[EXERCISE]
Set down again exactly the lines of the listing below that fall between the line holding "by exists x0;" and the line holding "is impossible by", inclusive.

[PROVIDED MATERIAL]
(* Go far along [u] from a point where the (at most one) wall parallel to [u]
   is tight. *)
Lemma recession_nonempty A u : u != (0, 0) -> in_recession A u ->
  exists q, in_cell A q.
Proof.
move=> u0 hrec.
have [base tight_base] : exists base, forall x y, x \in A -> y \notin A ->
    dot u (normal x y) = 0 -> power (P x) base = power (P y) base.
  case: (pselect (exists a b, [/\ a \in A, b \notin A & dot u (normal a b) = 0]));
    last by move=> none; exists (0, 0) => x y hx hy hxy; case: none; exists x, y.
  move=> [a [b [ha hb hab]]].
  exists (((P a).1 + (P b).1) / 2, ((P a).2 + (P b).2) / 2) => x y hx hy hxy.
  have [-> ->] := recession_wall_uniq u0 hrec ha hb hx hy hab hxy.
  by rewrite /power /dot /=; field.
pose time (k : 'I_n * 'I_n) := if 0 < dot u (normal k.1 k.2) then
  `|power (P k.1) base - power (P k.2) base| / (2 * dot u (normal k.1 k.2)) else 0.
have time_ge0 k : 0 <= time k.
  by rewrite /time; case: ifP => // h; rewrite divr_ge0 //; lra.
set t := \sum_k time k.
have time_le k : time k <= t by rewrite /t (bigD1 k) //= lerDl sumr_ge0.
exists (addv base (scalev t u)) => x y hx hy.
have := power_dot_normal (scalev t u) base x y; rewrite dot_scalevl.
have := hrec _ _ hx hy; rewrite le_eqVlt => /orP [/eqP h0|hp].
  by rewrite -h0 (tight_base x y hx hy (esym h0)); lra.
have := time_le (x, y); rewrite /time /= hp ler_pdivrMr; last by lra.
by have := ler_norm (power (P x) base - power (P y) base); lra.
Qed.

Lemma descends_nonempty c A : descends c A -> exists q, in_cell A q.
Proof.
case=> u [hu hrec]; apply: (recession_nonempty _ hrec).
by apply: contraTneq hu => ->; rewrite /dot /= !mulr0 addr0 ltxx.
Qed.

Definition tie A q : {set 'I_n} :=
  [set i | [exists j, `[< tight A q i j >] || `[< tight A q j i >]]].

Lemma tie_level A q x0 y0 : in_cell A q -> tight A q x0 y0 ->
  tie A q = level q (power (P x0) q).
Proof.
move=> hV t0; have [hx0 hy0 e0] := t0; apply/setP => i; rewrite !inE.
apply/existsP/eqP => [[j /orP [] /asboolP t]|e].
- by have [] := tight_level hV t0 t.
- by have [] := tight_level hV t0 t.
have [iA|iA] := boolP (i \in A).
  by exists y0; apply/orP; left; apply/asboolP; split; rewrite // e e0.
by exists x0; apply/orP; right; apply/asboolP; split; rewrite // e.
Qed.

(* If only one wall [(x0, y0)] were tight at the argmin, both directions along
   it would be feasible, and [c] cannot increase along both; so a fourth label
   is impossible by cocircularity and a third one is forced. *)
Lemma card_tie c A q : c != (0, 0) -> cell_argmin c A q -> #|tie A q| = 3.
Proof.
move=> c0 hmin; have [x0 [y0 t0]] := argmin_tight c0 hmin.
have [hV hfeas] := hmin; have [hx0 hy0 e0] := t0.
rewrite (tie_level hV t0); set L := level _ _.
have x0L : x0 \in L by rewrite inE.
have y0L : y0 \in L by rewrite inE e0.
have nxy := mem_neq hx0 hy0.
have sub2 : [set x0; y0] \subset L by apply/subsetP => z /set2P [] ->.
have := card_level_le3 q (power (P x0) q); rewrite -/L.
have := subset_leq_card sub2; rewrite cards2 nxy.
suff : #|L| != 2 by case: #|L| => [|[|[|[|]]]].
apply: contraT; rewrite negbK => /eqP cardL.
have EL : L = [set x0; y0] by apply/esym/eqP; rewrite eqEcard sub2 cardL cards2 nxy.
have only_wall x y : tight A q x y -> x = x0 /\ y = y0.
  move=> t; have [ex ey] := tight_level hV t0 t; case: t => hx hy _.
  have : x \in L by rewrite inE ex.
  rewrite EL !inE (negbTE (mem_neq hx hy0)) orbF => /eqP ->.
  have : y \in L by rewrite inE ey.
  by rewrite EL !inE [y == x0]eq_sym (negbTE (mem_neq hx0 hy)) => /eqP ->.
set w := perp (normal x0 y0).
have w0 : w != (0, 0) by rewrite perp_eq0 normal_eq0.
have along_wall v : dot v (normal x0 y0) = 0 -> feasible_dir A q v.
  by move=> hv x y /only_wall [-> ->]; rewrite hv.
have dw : dot w (normal x0 y0) = 0 by rewrite dot_perpl crossvv oppr0.
have dw' : dot (oppv w) (normal x0 y0) = 0 by rewrite dot_oppvl dw oppr0.
have := hfeas _ w0 (along_wall _ dw).
by have := hfeas (oppv w) _ (along_wall _ dw'); rewrite oppv_eq0 dot_oppvr => /(_ w0); lra.
Qed.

[ANSWER BOX]
by exists x0; apply/orP; right; apply/asboolP; split; rewrite // e.
Qed.

(* If only one wall [(x0, y0)] were tight at the argmin, both directions along
   it would be feasible, and [c] cannot increase along both; so a fourth label
   is impossible by cocircularity and a third one is forced. *)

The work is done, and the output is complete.